** Opening Given data block **
(* The difference A := T - S is an algebraic curvature tensor satisfying
   A(x,y,phi z,phi w) = A(x,y,z,w) on D (condition (v) becomes homogeneous).  Its
   phi-sectional curvature A(x,phi x,x,phi x) vanishes at non-null x in D, hence on
   all of D: along a line x + t y with y non-null it is a quartic in t vanishing
   off the roots of a nonzero quadratic.  Polarizing gives
   A(x,y,x,y) + 3 A(x,phi y,x,phi y) = 0 on D, and replacing y by phi y shows that
   the sectional curvature of A vanishes on D, so A vanishes on D.  With the
   Bianchi identity, (vi) kills every component involving some xi, and
   TM = D + span(xi) gives A = 0. *)

Lemma poly_eq0_of_horner (R : numDomainType) (p : {poly R}) :
  (forall t, p.[t] = 0) -> p = 0.
Proof.
move=> p0; apply/eqP; apply/negPn/negP => pN0.
pose ts : seq R := [seq i%:R | i <- iota 0 (size p)].
have roots_ts : all (root p) ts by apply/allP => _ /mapP[i _ ->]; rewrite /root p0.
have uniq_ts : uniq ts.
  by rewrite map_inj_uniq ?iota_uniq // => i j /eqP; rewrite eqr_nat => /eqP.
by have := max_poly_roots pN0 roots_ts uniq_ts; rewrite size_map size_iota ltnn.
Qed.

Lemma poly_eq0_off_roots (R : numDomainType) (p q : {poly R}) :
  q != 0 -> (forall t, q.[t] != 0 -> p.[t] = 0) -> p = 0.
Proof.
move=> qN0 p0; have /eqP : p * q = 0.
  apply: poly_eq0_of_horner => t; rewrite hornerM.
  by have [->|/p0->] := eqVneq q.[t] 0; rewrite ?mulr0 ?mul0r.
by rewrite mulf_eq0 (negbTE qN0) orbF => /eqP.
Qed.

Lemma quartic_eq0_off_quadratic_roots (R : numDomainType) (c0 c1 c2 c3 c4 d0 d1 d2 : R) :
  d2 != 0 ->
  (forall t, d0 + d1 * t + d2 * t ^+ 2 != 0 ->
     c0 + c1 * t + c2 * t ^+ 2 + c3 * t ^+ 3 + c4 * t ^+ 4 = 0) ->
  forall t, c0 + c1 * t + c2 * t ^+ 2 + c3 * t ^+ 3 + c4 * t ^+ 4 = 0.
Proof.
move=> d2N0 quartic0 t.
pose p : {poly R} := c0%:P + c1%:P * 'X + c2%:P * 'X^2 + c3%:P * 'X^3 + c4%:P * 'X^4.
pose q : {poly R} := d0%:P + d1%:P * 'X + d2%:P * 'X^2.
have qN0 : q != 0.
  apply: contraNneq d2N0 => q0; have : q`_2 = 0 by rewrite q0 coef0.
  by rewrite /q !coefE /= mulr0 mulr1 !add0r => ->.
have p0 : p = 0.
  apply: (poly_eq0_off_roots qN0) => s.
  by rewrite !(hornerD, hornerCM, hornerXn, hornerX, hornerC); apply: quartic0.
move: (congr1 (horner^~ t) p0).
by rewrite !(hornerD, hornerCM, hornerXn, hornerX, hornerC).
Qed.

Section LinearForms.
Variables (R : realFieldType) (m : nat).
Implicit Types (f : 'rV[R]_m -> R) (x y : 'rV[R]_m) (c : R).

Lemma scalar_fun0 f : scalar f -> f 0 = 0.
Proof. by move=> fL; have := fL 1 0 0; rewrite scale1r addr0 mul1r; lra. Qed.

Lemma scalar_funD f : scalar f -> forall x y, f (x + y) = f x + f y.
Proof. by move=> fL x y; rewrite -{1}(scale1r x) fL mul1r. Qed.

Lemma scalar_funZ f : scalar f -> forall c x, f (c *: x) = c * f x.
Proof. by move=> fL c x; rewrite -(addr0 (c *: x)) fL (scalar_fun0 fL) addr0. Qed.

Lemma scalar_fun_sum f r (c : 'I_r -> R) (v : 'I_r -> 'rV[R]_m) : scalar f ->
  f (\sum_(a < r) c a *: v a) = \sum_(a < r) c a * f (v a).
Proof.
move=> fL; rewrite (big_morph f (scalar_funD fL) (scalar_fun0 fL)).
by apply: eq_bigr => a _; rewrite scalar_funZ.
Qed.

Lemma scalar_form (e : 'cV[R]_m) : scalar (Defs.form e).
Proof. by move=> c x y; rewrite /Defs.form mulmxDl -scalemxAl !mxE. Qed.

Lemma scalar_bill (G : 'M[R]_m) y : scalar (bil G ^~ y).
Proof. by move=> c x x'; rewrite /bil !mulmxDl -!scalemxAl !mxE. Qed.

Lemma scalar_bilr (G : 'M[R]_m) x : scalar (bil G x).
Proof. by move=> c y y'; rewrite /bil linearD linearZ /= mulmxDr -scalemxAr !mxE. Qed.

Lemma bilC (G : 'M[R]_m) x y : G^T = G -> bil G x y = bil G y x.
Proof.
move=> GT; rewrite /bil.
have -> : (x *m G *m y^T) 0 0 = ((x *m G *m y^T)^T) 0 0 by rewrite [RHS]mxE.
by rewrite !trmx_mul trmxK GT mulmxA.
Qed.

Lemma bil_line (G : 'M[R]_m) x y t : bil G (x + t *: y) (x + t *: y) =
  bil G x x + (bil G x y + bil G y x) * t + bil G y y * t ^+ 2.
Proof.
rewrite (scalar_funD (scalar_bill _ _)) !(scalar_funD (scalar_bilr _ _)).
by rewrite !(scalar_funZ (scalar_bill _ _)) !(scalar_funZ (scalar_bilr _ _)); ring.
Qed.

Lemma appD (phi : 'M[R]_m) x y : app phi (x + y) = app phi x + app phi y.
Proof. by rewrite /app mulmxDl. Qed.

Lemma appZ (phi : 'M[R]_m) c x : app phi (c *: x) = c *: app phi x.
Proof. by rewrite /app scalemxAl. Qed.

End LinearForms.

Section Multilinear.
Variables (R : realFieldType) (m : nat).
Variable U : 'rV[R]_m -> 'rV[R]_m -> 'rV[R]_m -> 'rV[R]_m -> R.
Hypothesis U_ml : multilinear4 U.
Implicit Types (x y z w : 'rV[R]_m) (c : R).

Lemma scalar_mlin1 y z w : scalar (fun x => U x y z w).
Proof. by case: U_ml => h _ _ _ c x x'; apply: h. Qed.
Lemma scalar_mlin2 x z w : scalar (fun y => U x y z w).
Proof. by case: U_ml => _ h _ _ c y y'; apply: h. Qed.
Lemma scalar_mlin3 x y w : scalar (fun z => U x y z w).
Proof. by case: U_ml => _ _ h _ c z z'; apply: h. Qed.
Lemma scalar_mlin4 x y z : scalar (fun w => U x y z w).
Proof. by case: U_ml => _ _ _ h c w w'; apply: h. Qed.

Lemma mlinD1 x x' y z w : U (x + x') y z w = U x y z w + U x' y z w.
Proof. exact: (scalar_funD (scalar_mlin1 y z w)). Qed.
Lemma mlinD2 x y y' z w : U x (y + y') z w = U x y z w + U x y' z w.
Proof. exact: (scalar_funD (scalar_mlin2 x z w)). Qed.
Lemma mlinD3 x y z z' w : U x y (z + z') w = U x y z w + U x y z' w.
Proof. exact: (scalar_funD (scalar_mlin3 x y w)). Qed.
Lemma mlinD4 x y z w w' : U x y z (w + w') = U x y z w + U x y z w'.
Proof. exact: (scalar_funD (scalar_mlin4 x y z)). Qed.
Lemma mlinZ1 c x y z w : U (c *: x) y z w = c * U x y z w.
Proof. exact: (scalar_funZ (scalar_mlin1 y z w)). Qed.
Lemma mlinZ2 c x y z w : U x (c *: y) z w = c * U x y z w.
Proof. exact: (scalar_funZ (scalar_mlin2 x z w)). Qed.
Lemma mlinZ3 c x y z w : U x y (c *: z) w = c * U x y z w.
Proof. exact: (scalar_funZ (scalar_mlin3 x y w)). Qed.
Lemma mlinZ4 c x y z w : U x y z (c *: w) = c * U x y z w.
Proof. exact: (scalar_funZ (scalar_mlin4 x y z)). Qed.
Lemma mlinN2 x y z w : U x (- y) z w = - U x y z w.
Proof. by rewrite -scaleN1r mlinZ2 mulN1r. Qed.
Lemma mlinN4 x y z w : U x y z (- w) = - U x y z w.
Proof. by rewrite -scaleN1r mlinZ4 mulN1r. Qed.
Lemma mlin0 y z w : U 0 y z w = 0.
Proof. exact: (scalar_fun0 (scalar_mlin1 y z w)). Qed.

Lemma mlin_diag_expand x y t :
  U (x + t *: y) (x + t *: y) (x + t *: y) (x + t *: y) =
  U x x x x + (U y x x x + U x y x x + U x x y x + U x x x y) * t
  + (U y y x x + U y x y x + U y x x y + U x y y x + U x y x y + U x x y y) * t ^+ 2
  + (U x y y y + U y x y y + U y y x y + U y y y x) * t ^+ 3
  + U y y y y * t ^+ 4.
Proof. by rewrite !mlinD1 !mlinD2 !mlinD3 !mlinD4 !mlinZ1 !mlinZ2 !mlinZ3 !mlinZ4; ring. Qed.

Lemma mlin_eq0_on_spanning (K : 'rV[R]_m -> Prop) :
  (forall f, scalar f -> (forall k, K k -> f k = 0) -> forall u, f u = 0) ->
  (forall k1 k2 k3 k4, K k1 -> K k2 -> K k3 -> K k4 -> U k1 k2 k3 k4 = 0) ->
  forall x y z w, U x y z w = 0.
Proof.
move=> K_span UK x y z w.
apply: (K_span _ (scalar_mlin1 y z w)) => k1 K1.
apply: (K_span _ (scalar_mlin2 k1 z w)) => k2 K2.
apply: (K_span _ (scalar_mlin3 k1 k2 w)) => k3 K3.
by apply: (K_span _ (scalar_mlin4 k1 k2 k3)) => k4 K4; apply: UK.
Qed.

End Multilinear.

Section AlgebraicCurvature.
Variables (R : realFieldType) (m : nat).
Variable A : 'rV[R]_m -> 'rV[R]_m -> 'rV[R]_m -> 'rV[R]_m -> R.
Hypotheses (A_ml : multilinear4 A)
  (A_skew12 : forall x y z w, A x y z w = - A y x z w)
  (A_skew34 : forall x y z w, A x y z w = - A x y w z)
  (A_pair : forall x y z w, A x y z w = A z w x y)
  (A_bianchi : forall x y z w, A x y z w + A x z w y + A x w y z = 0).
Variable P : 'rV[R]_m -> Prop.
Hypothesis P_add : forall x y, P x -> P y -> P (x + y).
(* Let $\hat q$, $\hat q_\lambda$ be as defined in the context, with $\lambda>0$, and let $\mathcal{C}(x)=\{y\in[C]: s(x,y)\le \hat q\}$ and $\mathcal{C}_\lambda(x)=\{y\in[C]: s_\lambda(x,y)\le\hat q_\lambda\}$. Let $\mathcal{Y}_1(x):=\{y\in[C]: d(y,\hat y(x))\neq 0\}$. Then for every $x$, $$\mathcal{C}_\lambda(x)\cap\mathcal{Y}_1(x)\subseteq \mathcal{C}(x)\cap \mathcal{Y}_1(x).$$
   Context: Classification with $C$ classes, labels in $[C]=\{1,\dots,C\}$. A classifier outputs a softmax vector $\hat\pi(x)\in\mathbb{R}^C$ and predicted class $\hat y(x)=\arg\max_i \hat\pi_i(x)$. A map $g:[C]\to[G]$ partitions the classes into $G$ groups. Define $d(y,y'):=\mathbb{I}\{g(y)\neq g(y')\}$. Given any real-valued score function $s(x,y)$ and $\lambda>0$, define the penalized score $s_\lambda(x,y):=s(x,y)+\lambda\, d(y,\hat y(x))$. Given a calibration set $\{(x_i,y_i)\}_{i=1}^n$ and $\alpha\in(0,1)$ with $\lceil (n+1)(1-\alpha)\rceil\le n$, $\hat q$ (resp. $\hat q_\lambda$) is the $\lceil (n+1)(1-\alpha)\rceil$-th smallest value of $\{s(x_i,y_i)\}_{i=1}^n$ (resp. $\{s_\lambda(x_i,y_i)\}_{i=1}^n$). *)

From mathcomp Require Import all_boot all_order all_algebra.
From mathcomp Require Import reals.
Set Implicit Arguments. Unset Strict Implicit. Unset Printing Implicit Defensive.
Import Order.TTheory GRing.Theory Num.Theory.
Local Open Scope ring_scope.

Section Conformal.
Variables (R : realType) (X : Type) (K G : nat).
(* Classes [C] are represented by 'I_K.+1, i.e. C = K+1 >= 1 classes. *)
Notation cls := 'I_K.+1.

Definition yhat (pi : X -> cls -> R) (x : X) : cls :=
  [arg max_(i > ord0) pi x i]%O.

Definition gdist (g : cls -> 'I_G) (y y' : cls) : R := (g y != g y')%:R.

Definition pen_score (pi : X -> cls -> R) (g : cls -> 'I_G) (s : X -> cls -> R)
  (lambda : R) (x : X) (y : cls) : R :=
  s x y + lambda * gdist g y (yhat pi x).

Definition qidx (n : nat) (alpha : R) : nat :=
  `| Num.ceil ((n.+1)%:R * (1 - alpha)) |%N.

(* k-th smallest (k >= 1) value of the calibration scores *)
Definition kth_smallest (n : nat) (k : nat) (v : 'I_n -> R) : R :=
  nth 0 (sort <=%R [seq v i | i <- enum 'I_n]) k.-1.

Definition qhat (n : nat) (alpha : R) (s : X -> cls -> R)
  (xs : 'I_n -> X) (ys : 'I_n -> cls) : R :=
  @kth_smallest n (qidx n alpha) (fun i => s (xs i) (ys i)).

Definition pred_set (s : X -> cls -> R) (q : R) (x : X) : {set cls} :=
  [set y | s x y <= q].

Definition Y1 (pi : X -> cls -> R) (g : cls -> 'I_G) (x : X) : {set cls} :=
  [set y | gdist g y (yhat pi x) != 0].

End Conformal.

(* On Y_1(x) the penalty is exactly lambda, so y lies in C_lambda(x) iff
   s(x,y) + lambda <= q_lambda.  Since d <= 1, the penalized calibration
   scores are pointwise at most the original ones plus lambda; order
   statistics are monotone and shift with translation, hence
   q_lambda <= q + lambda and s(x,y) <= q. *)
From mathcomp Require Import all_boot all_order all_algebra.
From mathcomp Require Import reals.
Import Order.TTheory GRing.Theory Num.Theory.
Local Open Scope ring_scope.

Section SortedCount.
Context {d : Order.disp_t} {T : orderType d} (x0 : T).
Implicit Types (l : seq T) (t : T).

Lemma sorted_nth_le_count l j t : sorted <=%O l ->
  (j < count (<= t)%O l)%N -> (nth x0 l j <= t)%O.
Proof.
move=> sorted_l j_lt_cnt; rewrite leNgt; apply/negP => t_lt_nth.
have : ~~ has (<= t)%O (drop j l).
  apply/hasP => -[y /(nthP x0) [k k_lt <-]]; rewrite nth_drop => le_t.
  have jk_lt : (j + k < size l)%N by rewrite -ltn_subRL -size_drop.
  have le_nth : (nth x0 l j <= nth x0 l (j + k))%O.
    apply: (sorted_leq_nth le_trans lexx) => //; rewrite ?inE ?leq_addr //.
    exact: leq_ltn_trans (leq_addr k j) jk_lt.
  by move: (le_trans le_nth le_t); rewrite leNgt t_lt_nth.
rewrite has_count -leqNgt leqn0 => /eqP cnt_drop.
move: j_lt_cnt; rewrite -(cat_take_drop j l) count_cat cnt_drop addn0.
move/leq_trans/(_ (count_size _ _)).
by rewrite size_take_min ltnNge geq_minl.
Qed.

Lemma sorted_count_le_nth l j : sorted <=%O l -> (j < size l)%N ->
  (j < count (<= nth x0 l j)%O l)%N.
Proof.
move=> sorted_l j_lt.
have size_take : size (take j.+1 l) = j.+1 := size_takel j_lt.
have : all (<= nth x0 l j)%O (take j.+1 l).
  apply/(all_nthP x0) => k; rewrite size_take => k_lt; rewrite nth_take //.
  by apply: (sorted_leq_nth le_trans lexx) => //; rewrite inE (leq_trans k_lt).
rewrite all_count size_take => /eqP cnt_take.
by rewrite -[X in count _ X](cat_take_drop j.+1 l) count_cat cnt_take addSn ltnS leq_addr.
Qed.

End SortedCount.

Section OrderStatistics.
Context {R : realType} {n : nat}.
Implicit Types (v w : 'I_n -> R) (k : nat).

Lemma size_sort_scores v : size (sort <=%R [seq v i | i <- enum 'I_n]) = n.
Proof. by rewrite size_sort size_map size_enum_ord. Qed.

Lemma count_sort_scores v (P : pred R) :
  count P (sort <=%R [seq v i | i <- enum 'I_n]) = count (P \o v) (enum 'I_n).
Proof. by rewrite (permP (permEl (perm_sort _ _))) count_map. Qed.

Lemma kth_smallest_le_homo k v w : (forall i, v i <= w i) ->
  kth_smallest k v <= kth_smallest k w.
Proof.
move=> le_vw; rewrite /kth_smallest.
have [k_lt | k_ge] := ltnP k.-1 n; last first.
  by rewrite !nth_default ?size_sort_scores.
apply: sorted_nth_le_count; first exact: (sort_sorted le_total).
have := sorted_count_le_nth 0 _ k.-1 (sort_sorted le_total [seq w i | i <- enum 'I_n]).
rewrite size_sort_scores => /(_ k_lt); rewrite !count_sort_scores.
by move/leq_trans; apply; apply: sub_count => i /= /(le_trans (le_vw i)).
Qed.

(* [0 <= c] covers an out-of-range index, where both sides default to [0]. *)
Lemma kth_smallest_addr k v c : 0 <= c ->
  kth_smallest k (fun i => v i + c) <= kth_smallest k v + c.
Proof.
move=> c_ge0; rewrite /kth_smallest (map_comp (+%R^~ c) v).
rewrite -(map_sort (leT' := <=%R)); last by move=> a b; rewrite lerD2r.
have [k_lt | k_ge] := ltnP k.-1 n; first by rewrite (nth_map 0) ?size_sort_scores.
by rewrite !nth_default ?size_map ?size_sort_scores ?add0r.
Qed.

End OrderStatistics.

Section PenalizedScore.
Context {R : realType} {X : Type} {K G : nat}.
Variables (pi : X -> 'I_K.+1 -> R) (g : 'I_K.+1 -> 'I_G) (s : X -> 'I_K.+1 -> R).
Variable lambda : R.
Hypothesis lambda_ge0 : 0 <= lambda.

Lemma gdist_le1 y y' : gdist R g y y' <= 1.
Proof. by rewrite /gdist; case: (_ != _). Qed.

Lemma gdist_eq1 y y' : gdist R g y y' != 0 -> gdist R g y y' = 1.
Proof. by rewrite /gdist; case: (g y != g y'); rewrite ?eqxx. Qed.

Lemma pen_score_le x y : pen_score pi g s lambda x y <= s x y + lambda.
Proof. by rewrite lerD2l ler_piMr ?gdist_le1. Qed.

Lemma qhat_pen_score_le n alpha (xs : 'I_n -> X) (ys : 'I_n -> 'I_K.+1) :
  qhat alpha (pen_score pi g s lambda) xs ys <= qhat alpha s xs ys + lambda.
Proof.
rewrite /qhat; apply: le_trans _ (kth_smallest_addr _ _ _ lambda_ge0).
by apply: kth_smallest_le_homo => i; apply: pen_score_le.
Qed.

End PenalizedScore.

Theorem proposition1 (R : realType) (X : Type) (K G : nat)
  (pi : X -> 'I_K.+1 -> R) (g : 'I_K.+1 -> 'I_G) (s : X -> 'I_K.+1 -> R)
  (lambda : R) (hlambda : 0 < lambda)
  (n : nat) (xs : 'I_n -> X) (ys : 'I_n -> 'I_K.+1)
  (alpha : R) (halpha : 0 < alpha < 1) (hn : (qidx n alpha <= n)%N)
  (x : X) :
  let q := qhat alpha s xs ys in
  let ql := qhat alpha (pen_score pi g s lambda) xs ys in
  (pred_set (pen_score pi g s lambda) ql x :&: Y1 pi g x
     \subset pred_set s q x :&: Y1 pi g x).
Proof.
cbv zeta; apply/subsetP => y; rewrite !inE => /andP [y_in_pen y_in_Y1].
rewrite y_in_Y1 andbT -(lerD2r lambda).
rewrite /pen_score (gdist_eq1 _ _ _ y_in_Y1) mulr1 in y_in_pen.
apply: le_trans y_in_pen _; apply: qhat_pen_score_le; exact: ltW.
Qed.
** Closing Given data block **
• Work required:
Taking the entries above, write out exactly the lines starting with the line containing "Proof. by rewrite /gdist; case: (g" and going on through the line containing "End PenalizedScore.", both included, and nothing else.

• Answer for this exercise:
Proof. by rewrite /gdist; case: (g y != g y'); rewrite ?eqxx. Qed.

Lemma pen_score_le x y : pen_score pi g s lambda x y <= s x y + lambda.
Proof. by rewrite lerD2l ler_piMr ?gdist_le1. Qed.

Lemma qhat_pen_score_le n alpha (xs : 'I_n -> X) (ys : 'I_n -> 'I_K.+1) :
  qhat alpha (pen_score pi g s lambda) xs ys <= qhat alpha s xs ys + lambda.
Proof.
rewrite /qhat; apply: le_trans _ (kth_smallest_addr _ _ _ lambda_ge0).
by apply: kth_smallest_le_homo => i; apply: pen_score_le.
Qed.

End PenalizedScore.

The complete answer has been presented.